I thought about using my flash to trigger behind the models to create the backlit scene, but forgot we were only allowed to use natural light and I had a hard time trying to remotely trigger my flash. My Sigma EF-530 DG Super flash needs to be optically triggered which means it needs to have line-of-sight with my camera’s pop-up flash. I would love one day to be able to acquire radio remote triggers such as the Radio Poppers or PocketWizards.
Again, I used my Canon XSi with my EF 50mm f1.8 lens for this whole shoot. I’m getting better at manual zoom!
Here are some of the photos from yesterdays sessions:
Jasmine was our first model. Our group of 4 had no idea really on what to do with her, so we sorta just had her do her own thing. We did slowly get better at directing her and all of us slowly got a bit more comfortable taking photos.
Now Tony is a character. I think Peter was also mentioning Tony to me the previous week too. Anyway, Tony would start of posing and then go into acting out little skits to help build the scene. He was even talking to an invisible broker (for whom had lost Tony a lot of money) at one point in a phone booth which made from some interesting photos. Tony, also having a liking for photography, was also trying to be helpful. I guess you can tell how green we are at shooting people
By this time the sun was low behind the overcast sky. Had to bump up the ISO and I think I went from f2.8 to f1.8 just to squeeze some more light out. Rachel was helpful as well as she had been taking photography courses as well (I think). She was a little trooper as her high-heeled shoes were digging into the back of her ankles pretty bad by the time we go to her station.
By the time we met up with our final model, Abdul, the light was pretty much gone. I bumped my ISO to 800 (any higher and the photos from the XSi are horrid) to try and get a decent shutter speed for hand-holding. Too bad I cut off his fingers, I liked the look of this shot. To keep him a bit warmer he was shadow boxing, it would be been cool if the light was out more that I could capture him doing that. Perhaps another day?
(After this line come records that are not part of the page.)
Theorem lemma6 (R : rcfType) (n d k L : nat) :
  (1 <= n)%N -> (1 <= d)%N -> (1 <= k)%N -> (1 <= L)%N ->
  exists WV WQ WK WR : nat -> 'M[R]_(d + k),
  forall (src dst : 'I_d -> 'I_n) (r : 'I_d -> R),
    (forall j, src j != dst j) ->
    (forall j, 0 < r j) ->
    graph_connected src dst ->
  forall Phi0 : 'M[R]_(n, k), \rank Phi0 = k ->
  let B := incidence src dst r in
  let Z := tf_run WV WQ WK WR (col_mx B^T Phi0^T) in
  forall t : nat, (t.+1 * k.+1 <= L)%N ->
    \rank (B *m B^T *m Phi_of (Z (t * k.+1)%N)) = k ->
    is_QR_Q (B *m B^T *m Phi_of (Z (t * k.+1)%N)) (Phi_of (Z (t.+1 * k.+1)%N)).
Proof.
move=> _ _ _ _; pose j l := (l %% k.+1)%N.
exists (fun l => block_mx 0 0 0 (lap_gs_V R k (j l))), (fun=> 1%:M),
  (fun l => block_mx (lap_gs_K R d (j l)) 0 0 (lap_gs_P R k (j l))),
  (fun l => block_mx 0 0 0 (lap_gs_R R k (j l))).
move=> src dst r _ _ _ Phi0 _ B Z t _; set M := _ *m _ => rkM.
pose phi l := Phi_of (Z l).
have phiS l : phi l.+1 = block_layer B^T (lap_gs_V R k (j l)) (lap_gs_K R d (j l))
    (lap_gs_P R k (j l)) (lap_gs_R R k (j l)) (phi l).
  exact: Phi_of_tf_run_block.
have invariant m : (m <= k)%N ->
    triangular_factor M (phi (t * k.+1 + m).+1) /\ orthonormal_upto m (phi (t * k.+1 + m).+1).
  elim: m => [_|m IH mk].
    rewrite addn0 phiS /j modnMl block_layer_lap trmxK.
    by split=> [|a b //]; apply: normc_triangular_factor; rewrite rkM.
  have [fac orth] := IH (ltnW mk).
  have jS : j (t * k.+1 + m).+1 = m.+1 by rewrite /j -addnS modnMDl modn_small.
  by rewrite addnS phiS jS block_layer_gs; apply: gs_step; rewrite ?rkM.
have [fac orth] := invariant k (leqnn k).
by rewrite mulSnr addnS; apply: triangular_factor_QR.
Qed.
We spent a good 3 hours with the 4 various models. It was fun being able to shoot different people in different locations. I will have to figure out in the next few days how do complete my assignment. If the weather gets better (as it supposed to for the weekend) I might steal Robyn and take her down to the beach to do some of the photos. Since I won’t have a reflector, I’ll have to use my flash to fill in the shadows if I do the hard contrast light shots, even the backlit too I suppose.
I think I would like to shoot one model with a fellow seasoned photographer for a few hours one day. That way, they can help me learn the ropes shooting people better. Posing, directing and making the model feel comfortable, while also making me feel less shy.
I have 2 assignments due this Monday, and either one is not complete. I better get at it then! Our next shoot wil be Week 7 and we’ll be doing Composition, Depth-of-Field and Motion on location. We will also be assigned our 4th assignment at that time too.
What do you think? How could I improve the photos above? Any advice on composition?
Tyler Tip of the Day: When shooting people, always try and have their eyes in focus. It’s not as easy as it might seem, especially when working with a really shallow depth-of-field!